Я выбрал путь — тот единственный путь к свободе, потому что видел: когда я дойду до конца, все равно узнаю тайну, которая начала мне открываться. Я это знал точно, потому что тот, кому она начинает открываться, в тот же миг понимает, что он — другой: тот, кто всегда ее знал. Тот, кто никуда не шел, потому что он везде и вне времени.
* * *
Солнце тонкими иглами просачивалось сквозь палаточную ткань, и вновь зажмуривать глаза было бесполезно. Мы выползли наружу. Палатку со всех сторон обдувало пока еще прохладным ветром. Виноградные кусты трепетали, как праздничные флаги.
Я рассказал Шуре о видении.
— Все есть Брахман! — покачал головой Шура.
— И томление духа, — подытожил я.
Наши дороги расходились. Шура окончательно решил ехать во Францию, вербоваться в Иностранный легион. Я проводил его до остановки. На прощание мы обнялись, и Шура, как мне показалось, нехотя поднялся в автобус. В последний момент он обернулся, качнувшись всем телом, как бы раздумывая:
— А что, может, еще поищем работу здесь? Дневник будем вести…
— И что же мы будем в нем писать?
Шура молчал, будто прислушиваясь к какой-то музыке внутри себя.

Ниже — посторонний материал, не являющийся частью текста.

(* Every [t] is [K s + z] with [z] integral and [s] in the cube of radius [1/K < r]. *)
Lemma Zd_fixed_displacement_bound (K : nat) r D y :
  0 < r -> / r < INR K -> fixed restrict_Zd y ->
  (forall s, in_cube d (Rd_zero d) r s -> hnorm (hsub (pi s y) y) <= D) ->
  forall t, hnorm (hsub (pi t y) y) <= INR K * D.
Proof.
  intros Hr HK Hy Hcube t.
  assert (HK0 : 0 < INR K) by (pose proof (Rinv_0_lt_compat r Hr); lra).
  assert (HKr : / INR K < r).
  { rewrite <- (Rinv_inv r). apply Rinv_lt_contravar; [|exact HK].
    apply Rmult_lt_0_compat; [apply Rinv_0_lt_compat|]; lra. }
  destruct (Rd_floor_decomp d t) as [z Hz].
  set (s := fun i => (t i - IZR (z i)) / INR K).
  assert (Ets : t = Rd_add d (nscal d K s) (Zd_to_Rd d z)).
  { apply functional_extensionality. intro i.
    unfold Rd_add, nscal, s, Zd_to_Rd. field. lra. }
  assert (Hs : in_cube d (Rd_zero d) r s).
  { intro i. specialize (Hz i). unfold Rd_zero, s. rewrite Rminus_0_r, Rabs_right.
    - apply Rle_lt_trans with (/ INR K); [|exact HKr].
      unfold Rdiv. rewrite <- (Rmult_1_l (/ INR K)) at 2.
      apply Rmult_le_compat_r; [left; apply Rinv_0_lt_compat|]; lra.
    - apply Rle_ge, Rmult_le_pos; [|left; apply Rinv_0_lt_compat]; lra. }
  rewrite Ets, (proj2 (proj2 Hpi)). change (pi (Zd_to_Rd d z) y) with (restrict_Zd z y).
  rewrite (Hy z). eapply Rle_trans; [apply displacement_nscal|].
  apply Rmult_le_compat_l; [lra|]. apply Hcube, Hs.
Qed.

End EuclideanRepresentations.

Lemma Kazhdan_Zd_cube d (Q : Zd d -> Prop) eps r :
  0 < eps -> Kazhdan_const (Zd d) (Zd_add d) (Zd_zero d) (fun _ _ => True) Q eps -> 0 < r ->
  exists eps', 0 < eps' /\ forall (H : HilbertC) (pi : Rd d -> H -> H),
    unitary_rep (Rd d) (Rd_add d) (Rd_zero d) H pi -> forall x c, c < eps' * hnorm x ->
    (forall q, Q q -> hnorm (hsub (pi (Zd_to_Rd d q) x) x) <= c) ->
    (forall s, in_cube d (Rd_zero d) r s -> hnorm (hsub (pi s x) x) <= c) ->
    exists y, y <> hzero /\ fixed pi y.
Proof.
  intros Heps HK Hr. destruct (exists_nat_gt (/ r)) as [K HKr].
  assert (HK0 : 0 <= INR K) by apply pos_INR.
  assert (Hieps : 0 < / eps) by (apply Rinv_0_lt_compat, Heps).
  (* [c * A < |x|] gives [K (c + 2 c / eps) < |x| - c / eps <= |x0|] below. *)
  set (A := INR K * (1 + 2 / eps) + / eps).
  assert (HA : 0 < A) by (unfold A, Rdiv; nra).
  exists (/ A). split; [apply Rinv_0_lt_compat, HA|].
  intros H pi Hpi x c Hcx HQ Hcube.
  assert (Hc0 : 0 <= c).
  { eapply Rle_trans; [apply (hnorm_ge0 (hsub (pi (Rd_zero d) x) x))|]. apply Hcube.
    intro i. unfold Rd_zero. rewrite Rminus_0_r, Rabs_R0. exact Hr. }
  pose proof (restrict_Zd_rep d H pi Hpi) as HpiZ.
  destruct (orth_decomp _ (fixed_subspace _ _ _ HpiZ) (fixed_closed _ _ _ HpiZ) x)
    as (x0 & x1 & Hx0 & -> & Hx1).
  assert (Hx1c : hnorm x1 <= c / eps).
  { apply (Rmult_le_reg_l eps); [exact Heps|]. replace (eps * (c / eps)) with c by (field; lra).
    apply (Kazhdan_const_perp_fixed _ _ Q eps HK _ HpiZ x1 c Hx1 Hc0).
    intros q Hq. rewrite <- (displacement_add_fixed _ _ _ HpiZ q x0 x1 (Hx0 q)). apply HQ, Hq. }
  assert (Hx0cube : forall s, in_cube d (Rd_zero d) r s ->
                      hnorm (hsub (pi s x0) x0) <= c + 2 * (c / eps)).
  { intros s Hs. pose proof (displacement_le_add _ _ _ Hpi s x0 x1). specialize (Hcube s Hs).
    lra. }
  apply (bounded_orbit_fixed _ _ _ Hpi (Rd_ldiv d) x0 (INR K * (c + 2 * (c / eps)))).
  - pose proof (hnorm_triangle x0 x1).
    assert (HcA : c * A < hnorm (hadd x0 x1)).
    { apply (Rmult_lt_reg_r (/ A)); [apply Rinv_0_lt_compat, HA|].
      rewrite Rmult_assoc, Rinv_r, Rmult_1_r by lra. lra. }
    replace (c * A) with (INR K * (c + 2 * (c / eps)) + c / eps) in HcA
      by (unfold A; field; lra).
    lra.
  - exact (Zd_fixed_displacement_bound d H pi Hpi K r _ x0 Hr HKr Hx0 Hx0cube).
Qed.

Я скептически помотал головой:
— Да нет, Шура. Теперь мы будем друг другу только мешать… Удачи тебе!
Двери закрылись. Автобус выпустил легкое облако голубого дыма и покатил под гору. Махнув вслед ему рукой, я взвалил на плечо торбу и пошел в противоположную сторону, гадая, насколько картина мира просветленного человека отличается от обыденной — и чем ему остается жить.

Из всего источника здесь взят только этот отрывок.